▶ **TASK REQUIREMENTS**:
Starting at the line that contains "have le_MN : M.+1", output each line through the end of the data exactly, and nothing more.

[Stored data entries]
********************

(* Let $N\ge 2$ be an integer and consider the one-mode projection graph $G_N$ on the primes $\le N$ defined below. For every prime $p\le N$, the degree of $p$ in $G_N$ equals $\pi\left(\frac{N}{p}\right)$, where $\pi(x)$ is the number of primes $\le x$.
   Context: The graph $G_N$ has vertex set the primes $p\le N$. Two distinct primes $p,p'\le N$ are adjacent iff some composite integer $c\le N$ is divisible by both $p$ and $p'$ (equivalently the number of such composites, which is the weight of the edge, is positive). A prime $p$ carries a self-loop iff $p^2\le N$. The degree of $p$ is the number of distinct primes $p'\ne p$ adjacent to $p$, plus $1$ if $p$ carries a self-loop. *)

From mathcomp Require Import all_boot.
Set Implicit Arguments. Unset Strict Implicit. Unset Printing Implicit Defensive.

Definition composite (c : nat) : bool := (1 < c) && ~~ prime c.

Definition edge_weight (N p p' : nat) : nat :=
  #|[set c : 'I_N.+1 | composite c && (p %| c) && (p' %| c)]|.

Definition adjacent (N p p' : nat) : bool :=
  [&& prime p, prime p', p <= N, p' <= N, p != p' & 0 < edge_weight N p p'].

Definition self_loop (N p : nat) : bool := p ^ 2 <= N.

Definition degree (N p : nat) : nat :=
  #|[set q : 'I_N.+1 | prime q && adjacent N p q]| + self_loop N p.

Definition primepi (x : nat) : nat := #|[set q : 'I_x.+1 | prime q]|.

From mathcomp Require Import all_boot.

(* Two distinct primes p, q have a common composite multiple below N exactly
   when p * q <= N, because p * q is their least common multiple and is
   itself composite.  Hence the neighbours of p are the primes q != p with
   q <= N / p, and the self-loop (p * p <= N, i.e. p <= N / p) supplies the
   missing prime q = p, so the degree counts all primes up to N / p. *)

Lemma card_set_ord (n : nat) (P : pred nat) :
  #|[set i : 'I_n | P i]| = count P (iota 0 n).
Proof.
rewrite -sum1_count -(subn0 n) -/(index_iota 0 n) big_mkord subn0 -sum1_card.
by apply: eq_bigl => i; rewrite inE.
Qed.

Lemma count_iota_ltn (P : pred nat) (m n : nat) : m <= n ->
  count (fun i => P i && (i < m)) (iota 0 n) = count P (iota 0 m).
Proof.
move=> le_mn; rewrite -(subnKC le_mn) iotaD count_cat add0n.
rewrite [X in _ + X](eq_in_count (a2 := pred0)) ?count_pred0 ?addn0.
  by apply: eq_in_count => i; rewrite mem_iota => /andP[_ ->]; rewrite andbT.
by move=> i; rewrite mem_iota leqNgt => /andP[/negbTE-> _]; rewrite andbF.
Qed.

Lemma count_predD1 [T : eqType] [a : pred T] [x : T] [s : seq T] :
  uniq s -> a x -> count a s = count [pred y | a y & y != x] s + (x \in s).
Proof.
move=> uniq_s ax; rewrite -count_uniq_mem // -size_filter.
rewrite -(count_predC (pred1 x)) addnC !count_filter; congr (_ + _).
  by apply: eq_count => y /=; rewrite andbC.
by apply: eq_count => y /=; case: eqP => // ->; rewrite ax.
Qed.

Lemma composite_mul (m n : nat) : 1 < m -> 1 < n -> composite (m * n).
Proof.
move=> m_gt1 n_gt1; rewrite /composite (ltn_mul m_gt1 n_gt1).
apply/primeP => -[_ /(_ m (dvdn_mulr n (dvdnn m)))] /orP[] /eqP m_eq.
  by rewrite m_eq in m_gt1.
by have := ltn_Pmulr n_gt1 (ltnW m_gt1); rewrite -m_eq ltnn.
Qed.

Lemma edge_weight_gt0 (N p q : nat) : prime p -> prime q -> p != q ->
  (0 < edge_weight N p q) = (p * q <= N).
Proof.
move=> pr_p pr_q neq_pq; apply/card_gt0P/idP => [[c]|le_pqN].
  rewrite inE => /andP[/andP[/andP[c_gt1 _] p_dvd_c] q_dvd_c].
  have cop_pq : coprime p q by rewrite prime_coprime // dvdn_prime2.
  have pq_dvd_c : p * q %| c by rewrite Gauss_dvd // p_dvd_c.
  exact: leq_trans (dvdn_leq (ltnW c_gt1) pq_dvd_c) (ltn_ord c).
exists (Ordinal (le_pqN : p * q < N.+1)).
by rewrite inE /= dvdn_mulr // dvdn_mull // composite_mul ?prime_gt1.
Qed.

Lemma adjacent_primesE (N p q : nat) : prime p -> prime q -> p <= N -> q <= N ->
  adjacent N p q = (q != p) && (p * q <= N).
Proof.
move=> pr_p pr_q le_pN le_qN; rewrite /adjacent pr_p pr_q le_pN le_qN eq_sym /=.
have [// | neq_qp] := eqVneq q p.
by rewrite edge_weight_gt0 // eq_sym.
Qed.

Theorem mainTheorem8 (N p : nat) :
  2 <= N -> prime p -> p <= N -> degree N p = primepi (N %/ p).
Proof.
move=> _ pr_p le_pN; have p_gt0 := prime_gt0 pr_p; set M := N %/ p.
have le_MN : M.+1 <= N.+1 by rewrite ltnS leq_div.
have neighbourE : {in iota 0 N.+1, forall q,
    prime q && adjacent N p q = (prime q && (q != p)) && (q < M.+1)}.
  move=> q; rewrite mem_iota => /andP[_ lt_qN].
  case pr_q: (prime q) => //=.
  by rewrite adjacent_primesE // ltnS leq_divRL // mulnC.
rewrite /degree /primepi (card_set_ord _ (fun q => prime q && adjacent N p q)).
rewrite (card_set_ord _ prime) (eq_in_count neighbourE).
rewrite count_iota_ltn // (count_predD1 (iota_uniq 0 M.+1) pr_p).
by rewrite mem_iota /self_loop /M ltnS leq_divRL.
Qed.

********************

▶ **RESULT OF THIS EXERCISE**:
have le_MN : M.+1 <= N.+1 by rewrite ltnS leq_div.
have neighbourE : {in iota 0 N.+1, forall q,
    prime q && adjacent N p q = (prime q && (q != p)) && (q < M.+1)}.
  move=> q; rewrite mem_iota => /andP[_ lt_qN].
  case pr_q: (prime q) => //=.
  by rewrite adjacent_primesE // ltnS leq_divRL // mulnC.
rewrite /degree /primepi (card_set_ord _ (fun q => prime q && adjacent N p q)).
rewrite (card_set_ord _ prime) (eq_in_count neighbourE).
rewrite count_iota_ltn // (count_predD1 (iota_uniq 0 M.+1) pr_p).
by rewrite mem_iota /self_loop /M ltnS leq_divRL.
Qed.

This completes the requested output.